| What the task asks |
Reproduce the records that follow exactly as they appear.

START Recorded data

(* Let $S,C,D,\Delta\ge1$, $\mathcal{X}\subseteq\mathbb{R}^D$ nonempty convex compact, and $f_h$, $h=1,\dots,C$, convex continuously differentiable with gradients $g_h$ satisfying $\|g_h(x)\|\le L_h$ on $\mathcal{X}$. Suppose the weights $W_{i,k}[J,h]\ge0$ are nonnegative and satisfy SLC with constant $M>0$, the server graph is complete (consensus step $x^I_{0,k+1}=\frac1S\sum_{J=1}^S x^J_{\Delta,k}$), all servers start from the same point $x^J_{0,0}=x_{0,0}\in\mathcal{X}$, and the step sizes satisfy $\alpha_k>0$, $\lim_{k\to\infty}\alpha_k=0$ and $\sum_{k=0}^\infty\alpha_k=\infty$. Let $x_{0,k}$ denote the common value of $x^J_{0,k}$ over $J$. Then $$\lim_{k\to\infty}\mathrm{dist}(x_{0,k},\mathcal{X}^* )=0\quad\text{and}\quad\lim_{k\to\infty}f(x_{0,k})=f^*.$$
   Context: $\mathcal{P}_{\mathcal{X}}$ is Euclidean projection onto $\mathcal{X}$; $f=\sum_{h=1}^Cf_h$, $f^*=\min_{x\in\mathcal{X}}f(x)$, $\mathcal{X}^*=\{x\in\mathcal{X}:f(x)=f^*\}$, $\mathrm{dist}(x,\mathcal{X}^* )=\inf_{x^*\in\mathcal{X}^*}\|x-x^*\|$ (Euclidean norm). Weight matrices $W_{i,k}\in\mathbb{R}^{S\times C}$ ($0\le i\le\Delta-1$, $k\ge0$). Symmetric Learning Condition (SLC): there is $M>0$ with $\sum_{i=1}^{\Delta}\sum_{J=1}^S W_{i-1,k}[J,h]=M$ for all $k\ge0$ and all $h$. Iteration: for each $k\ge0$ and $i=1,\dots,\Delta$, $x^J_{i,k}=\mathcal{P}_{\mathcal{X}}\big[x^J_{i-1,k}-\alpha_k\sum_{h=1}^C W_{i-1,k}[J,h]\,g_h(x^J_{i-1,k})\big]$, followed by the consensus step. *)

From Stdlib Require Import Reals.
From mathcomp Require Import ssreflect ssrfun ssrbool eqtype ssrnat seq fintype.
Set Implicit Arguments. Unset Strict Implicit.
Open Scope R_scope.

Definition rsum (n : nat) (F : 'I_n -> R) : R :=
  foldr Rplus 0 (map F (enum 'I_n)).

Definition vec (D : nat) := 'I_D -> R.
Definition vadd {D} (x y : vec D) : vec D := fun d => x d + y d.
Definition vsub {D} (x y : vec D) : vec D := fun d => x d - y d.
Definition vscale {D} (a : R) (x : vec D) : vec D := fun d => a * x d.
Definition vsum {D n} (F : 'I_n -> vec D) : vec D := fun d => rsum (fun j => F j d).
Definition dot {D} (x y : vec D) : R := rsum (fun d => x d * y d).
Definition norm {D} (x : vec D) : R := sqrt (dot x x).

Definition convex_set {D} (X : vec D -> Prop) : Prop :=
  forall x y t, X x -> X y -> 0 <= t <= 1 ->
    X (vadd (vscale t x) (vscale (1 - t) y)).
Definition closed_set {D} (X : vec D -> Prop) : Prop :=
  forall (u : nat -> vec D) (l : vec D), (forall n, X (u n)) ->
    Un_cv (fun n => norm (vsub (u n) l)) 0 -> X l.
Definition bounded_set {D} (X : vec D -> Prop) : Prop :=
  exists B, forall x, X x -> norm x <= B.
(* Compactness in R^D (Heine-Borel): closed and bounded. *)
Definition compact_set {D} (X : vec D -> Prop) : Prop :=
  closed_set X /\ bounded_set X.

Definition convex_fun {D} (f : vec D -> R) : Prop :=
  forall x y t, 0 <= t <= 1 ->
    f (vadd (vscale t x) (vscale (1 - t) y)) <= t * f x + (1 - t) * f y.
Definition has_gradient_at {D} (f : vec D -> R) (gx : vec D) (x : vec D) : Prop :=
  forall eps, 0 < eps -> exists delta, 0 < delta /\
    forall y, norm (vsub y x) < delta ->
      Rabs (f y - f x - dot gx (vsub y x)) <= eps * norm (vsub y x).
Definition continuous_vfun {D} (g : vec D -> vec D) : Prop :=
  forall x eps, 0 < eps -> exists delta, 0 < delta /\
    forall y, norm (vsub y x) < delta -> norm (vsub (g y) (g x)) < eps.
Definition C1_with_gradient {D} (f : vec D -> R) (g : vec D -> vec D) : Prop :=
  (forall x, has_gradient_at f (g x) x) /\ continuous_vfun g.

Definition is_proj {D} (X : vec D -> Prop) (y p : vec D) : Prop :=
  X p /\ forall q, X q -> norm (vsub y p) <= norm (vsub y q).

Definition is_inf (E : R -> Prop) (m : R) : Prop :=
  (forall r, E r -> m <= r) /\ (forall m', (forall r, E r -> m' <= r) -> m' <= m).

Definition is_min_value {D} (f : vec D -> R) (X : vec D -> Prop) (fstar : R) : Prop :=
  (exists xs, X xs /\ f xs = fstar) /\ (forall x, X x -> fstar <= f x).

Definition argmin_set {D} (f : vec D -> R) (X : vec D -> Prop) (fstar : R) : vec D -> Prop :=
  fun x => X x /\ f x = fstar.

Definition is_dist {D} (A : vec D -> Prop) (x : vec D) (d : R) : Prop :=
  is_inf (fun r => exists a, A a /\ r = norm (vsub x a)) d.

END Recorded data

| Exercise result |
(* Let $S,C,D,\Delta\ge1$, $\mathcal{X}\subseteq\mathbb{R}^D$ nonempty convex compact, and $f_h$, $h=1,\dots,C$, convex continuously differentiable with gradients $g_h$ satisfying $\|g_h(x)\|\le L_h$ on $\mathcal{X}$. Suppose the weights $W_{i,k}[J,h]\ge0$ are nonnegative and satisfy SLC with constant $M>0$, the server graph is complete (consensus step $x^I_{0,k+1}=\frac1S\sum_{J=1}^S x^J_{\Delta,k}$), all servers start from the same point $x^J_{0,0}=x_{0,0}\in\mathcal{X}$, and the step sizes satisfy $\alpha_k>0$, $\lim_{k\to\infty}\alpha_k=0$ and $\sum_{k=0}^\infty\alpha_k=\infty$. Let $x_{0,k}$ denote the common value of $x^J_{0,k}$ over $J$. Then $$\lim_{k\to\infty}\mathrm{dist}(x_{0,k},\mathcal{X}^* )=0\quad\text{and}\quad\lim_{k\to\infty}f(x_{0,k})=f^*.$$
   Context: $\mathcal{P}_{\mathcal{X}}$ is Euclidean projection onto $\mathcal{X}$; $f=\sum_{h=1}^Cf_h$, $f^*=\min_{x\in\mathcal{X}}f(x)$, $\mathcal{X}^*=\{x\in\mathcal{X}:f(x)=f^*\}$, $\mathrm{dist}(x,\mathcal{X}^* )=\inf_{x^*\in\mathcal{X}^*}\|x-x^*\|$ (Euclidean norm). Weight matrices $W_{i,k}\in\mathbb{R}^{S\times C}$ ($0\le i\le\Delta-1$, $k\ge0$). Symmetric Learning Condition (SLC): there is $M>0$ with $\sum_{i=1}^{\Delta}\sum_{J=1}^S W_{i-1,k}[J,h]=M$ for all $k\ge0$ and all $h$. Iteration: for each $k\ge0$ and $i=1,\dots,\Delta$, $x^J_{i,k}=\mathcal{P}_{\mathcal{X}}\big[x^J_{i-1,k}-\alpha_k\sum_{h=1}^C W_{i-1,k}[J,h]\,g_h(x^J_{i-1,k})\big]$, followed by the consensus step. *)

From Stdlib Require Import Reals.
From mathcomp Require Import ssreflect ssrfun ssrbool eqtype ssrnat seq fintype.
Set Implicit Arguments. Unset Strict Implicit.
Open Scope R_scope.

Definition rsum (n : nat) (F : 'I_n -> R) : R :=
  foldr Rplus 0 (map F (enum 'I_n)).

Definition vec (D : nat) := 'I_D -> R.
Definition vadd {D} (x y : vec D) : vec D := fun d => x d + y d.
Definition vsub {D} (x y : vec D) : vec D := fun d => x d - y d.
Definition vscale {D} (a : R) (x : vec D) : vec D := fun d => a * x d.
Definition vsum {D n} (F : 'I_n -> vec D) : vec D := fun d => rsum (fun j => F j d).
Definition dot {D} (x y : vec D) : R := rsum (fun d => x d * y d).
Definition norm {D} (x : vec D) : R := sqrt (dot x x).

Definition convex_set {D} (X : vec D -> Prop) : Prop :=
  forall x y t, X x -> X y -> 0 <= t <= 1 ->
    X (vadd (vscale t x) (vscale (1 - t) y)).
Definition closed_set {D} (X : vec D -> Prop) : Prop :=
  forall (u : nat -> vec D) (l : vec D), (forall n, X (u n)) ->
    Un_cv (fun n => norm (vsub (u n) l)) 0 -> X l.
Definition bounded_set {D} (X : vec D -> Prop) : Prop :=
  exists B, forall x, X x -> norm x <= B.
(* Compactness in R^D (Heine-Borel): closed and bounded. *)
Definition compact_set {D} (X : vec D -> Prop) : Prop :=
  closed_set X /\ bounded_set X.

Definition convex_fun {D} (f : vec D -> R) : Prop :=
  forall x y t, 0 <= t <= 1 ->
    f (vadd (vscale t x) (vscale (1 - t) y)) <= t * f x + (1 - t) * f y.
Definition has_gradient_at {D} (f : vec D -> R) (gx : vec D) (x : vec D) : Prop :=
  forall eps, 0 < eps -> exists delta, 0 < delta /\
    forall y, norm (vsub y x) < delta ->
      Rabs (f y - f x - dot gx (vsub y x)) <= eps * norm (vsub y x).
Definition continuous_vfun {D} (g : vec D -> vec D) : Prop :=
  forall x eps, 0 < eps -> exists delta, 0 < delta /\
    forall y, norm (vsub y x) < delta -> norm (vsub (g y) (g x)) < eps.
Definition C1_with_gradient {D} (f : vec D -> R) (g : vec D -> vec D) : Prop :=
  (forall x, has_gradient_at f (g x) x) /\ continuous_vfun g.

Definition is_proj {D} (X : vec D -> Prop) (y p : vec D) : Prop :=
  X p /\ forall q, X q -> norm (vsub y p) <= norm (vsub y q).

Definition is_inf (E : R -> Prop) (m : R) : Prop :=
  (forall r, E r -> m <= r) /\ (forall m', (forall r, E r -> m' <= r) -> m' <= m).

Definition is_min_value {D} (f : vec D -> R) (X : vec D -> Prop) (fstar : R) : Prop :=
  (exists xs, X xs /\ f xs = fstar) /\ (forall x, X x -> fstar <= f x).

Definition argmin_set {D} (f : vec D -> R) (X : vec D -> Prop) (fstar : R) : vec D -> Prop :=
  fun x => X x /\ f x = fstar.

Definition is_dist {D} (A : vec D -> Prop) (x : vec D) (d : R) : Prop :=
  is_inf (fun r => exists a, A a /\ r = norm (vsub x a)) d.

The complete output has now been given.